━━━━━ SUPPLIED MATERIAL ━━━━━

Lemma frobDeltaDiff_le y z (P Q : R) :
  (0 < N)%N -> diam_le y P -> diam_le z Q ->
  frobDeltaDiff y z <= N%:R * (P + Q).
Proof.
move=> N_gt0 y_diam z_diam.
have PQ_ge0 : 0 <= P + Q.
  by rewrite addr_ge0 ?(diam_le_ge0 (Ordinal N_gt0) y_diam) ?(diam_le_ge0 (Ordinal N_gt0) z_diam).
apply: le_trans (_ : _ <= Num.sqrt (\sum_(i < N) \sum_(j < N) (P + Q) ^+ 2)) _.
  rewrite /frobDeltaDiff ler_sqrt; last by do 2![apply: sumr_ge0 => ? _]; exact: sqr_ge0.
  apply: ler_sum => i _; apply: ler_sum => j _.
  rewrite ler_sqr ?nnegrE ?enorm_ge0 //.
  by apply: le_trans (enormB _ _) (lerD (y_diam i j) (z_diam i j)).
have -> : \sum_(i < N) \sum_(j < N) (P + Q) ^+ 2 = (N%:R * (P + Q)) ^+ 2.
  by rewrite !sumr_const !card_ord -mulrnA -[in LHS]mulr_natl natrM; ring.
by rewrite sqrtr_sqr ger0_norm // mulr_ge0.
Qed.

End Frobenius.

Lemma phiLip_ge0 (R : realType) N (c1 c2 La : R) :
  0 < c1 -> 0 <= c2 -> 0 <= La -> 0 <= phiLip N c1 c2 La.
Proof.
move=> c1_gt0 c2_ge0 La_ge0.
by rewrite mulr_ge0 ?divr_ge0 ?addr_ge0 ?mulr_ge0 ?invr_ge0 ?ler0n ?(ltW c1_gt0).
Qed.

Lemma psi_int_le (R : realType) N (c1 c2 La r M : R) :
  0 <= phiLip N c1 c2 La -> 0 <= r -> r <= M ->
  psi_int N c1 c2 La r M <= M - r.
Proof.
move=> L_ge0 r_ge0 r_le_M.
have psi_cont : continuous (psi N c1 c2 La).
  by move=> s; apply: cvgB; [exact: cvg_cst | apply: cvgMr; exact: cvg_id].
have -> : M - r = \int[lebesgue_measure]_(s in `[r, M]) (cst 1 s : R).
  rewrite Rintegral_cst ?mul1r; last exact: measurable_itv.
  have := lebesgue_measure_itv `[r, M]; rewrite /= => ->.
  have [r_lt_M | M_le_r] := ltrP r M; first by rewrite lte_fin r_lt_M.
  have -> : r = M by apply/le_anti; rewrite r_le_M M_le_r.
  by rewrite ltxx subrr.
apply: le_Rintegral; first exact: measurable_itv.
- apply: continuous_compact_integrable; first exact: segment_compact.
  exact: continuous_subspaceT.
- apply: continuous_compact_integrable; first exact: segment_compact.
  by apply: continuous_subspaceT => s; exact: cvg_cst.
- move=> s; rewrite /= in_itv /= => /andP[r_le_s _].
  rewrite /psi gerBl; apply: mulr_ge0; first exact: mulr_ge0.
  exact: le_trans r_ge0 r_le_s.
Qed.

Section ModelConstants.
Variables (R : realType) (N : nat) (c1 c2 La : R).
Hypotheses (N_gt0 : (0 < N)%N) (c1_gt0 : 0 < c1) (c1_le_c2 : c1 <= c2).
Hypothesis La_gt0 : 0 < La.

Lemma phiLip_gt0 : 0 < phiLip N c1 c2 La.
Proof.
have c2_gt0 := lt_le_trans c1_gt0 c1_le_c2.
by rewrite /phiLip mulr_gt0 ?divr_gt0 ?addr_gt0 ?mulr_gt0 ?invr_gt0 ?ltr0n.
Qed.

Lemma Mconst_phiLip : N%:R * phiLip N c1 c2 La * Mconst N c1 c2 La = 1 / 4.
Proof. by rewrite /Mconst; field; rewrite !gt_eqF ?phiLip_gt0 ?ltr0n. Qed.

━━━━━

__TASK ITEM__
Write out a word-for-word copy of every entry above.

__TASK ANSWER__
Lemma frobDeltaDiff_le y z (P Q : R) :
  (0 < N)%N -> diam_le y P -> diam_le z Q ->
  frobDeltaDiff y z <= N%:R * (P + Q).
Proof.
move=> N_gt0 y_diam z_diam.
have PQ_ge0 : 0 <= P + Q.
  by rewrite addr_ge0 ?(diam_le_ge0 (Ordinal N_gt0) y_diam) ?(diam_le_ge0 (Ordinal N_gt0) z_diam).
apply: le_trans (_ : _ <= Num.sqrt (\sum_(i < N) \sum_(j < N) (P + Q) ^+ 2)) _.
  rewrite /frobDeltaDiff ler_sqrt; last by do 2![apply: sumr_ge0 => ? _]; exact: sqr_ge0.
  apply: ler_sum => i _; apply: ler_sum => j _.
  rewrite ler_sqr ?nnegrE ?enorm_ge0 //.
  by apply: le_trans (enormB _ _) (lerD (y_diam i j) (z_diam i j)).
have -> : \sum_(i < N) \sum_(j < N) (P + Q) ^+ 2 = (N%:R * (P + Q)) ^+ 2.
  by rewrite !sumr_const !card_ord -mulrnA -[in LHS]mulr_natl natrM; ring.
by rewrite sqrtr_sqr ger0_norm // mulr_ge0.
Qed.

End Frobenius.

Lemma phiLip_ge0 (R : realType) N (c1 c2 La : R) :
  0 < c1 -> 0 <= c2 -> 0 <= La -> 0 <= phiLip N c1 c2 La.
Proof.
move=> c1_gt0 c2_ge0 La_ge0.
by rewrite mulr_ge0 ?divr_ge0 ?addr_ge0 ?mulr_ge0 ?invr_ge0 ?ler0n ?(ltW c1_gt0).
Qed.

Lemma psi_int_le (R : realType) N (c1 c2 La r M : R) :
  0 <= phiLip N c1 c2 La -> 0 <= r -> r <= M ->
  psi_int N c1 c2 La r M <= M - r.
Proof.
move=> L_ge0 r_ge0 r_le_M.
have psi_cont : continuous (psi N c1 c2 La).
  by move=> s; apply: cvgB; [exact: cvg_cst | apply: cvgMr; exact: cvg_id].
have -> : M - r = \int[lebesgue_measure]_(s in `[r, M]) (cst 1 s : R).
  rewrite Rintegral_cst ?mul1r; last exact: measurable_itv.
  have := lebesgue_measure_itv `[r, M]; rewrite /= => ->.
  have [r_lt_M | M_le_r] := ltrP r M; first by rewrite lte_fin r_lt_M.
  have -> : r = M by apply/le_anti; rewrite r_le_M M_le_r.
  by rewrite ltxx subrr.
apply: le_Rintegral; first exact: measurable_itv.
- apply: continuous_compact_integrable; first exact: segment_compact.
  exact: continuous_subspaceT.
- apply: continuous_compact_integrable; first exact: segment_compact.
  by apply: continuous_subspaceT => s; exact: cvg_cst.
- move=> s; rewrite /= in_itv /= => /andP[r_le_s _].
  rewrite /psi gerBl; apply: mulr_ge0; first exact: mulr_ge0.
  exact: le_trans r_ge0 r_le_s.
Qed.

Section ModelConstants.
Variables (R : realType) (N : nat) (c1 c2 La : R).
Hypotheses (N_gt0 : (0 < N)%N) (c1_gt0 : 0 < c1) (c1_le_c2 : c1 <= c2).
Hypothesis La_gt0 : 0 < La.

Lemma phiLip_gt0 : 0 < phiLip N c1 c2 La.
Proof.
have c2_gt0 := lt_le_trans c1_gt0 c1_le_c2.
by rewrite /phiLip mulr_gt0 ?divr_gt0 ?addr_gt0 ?mulr_gt0 ?invr_gt0 ?ltr0n.
Qed.

Lemma Mconst_phiLip : N%:R * phiLip N c1 c2 La * Mconst N c1 c2 La = 1 / 4.
Proof. by rewrite /Mconst; field; rewrite !gt_eqF ?phiLip_gt0 ?ltr0n. Qed.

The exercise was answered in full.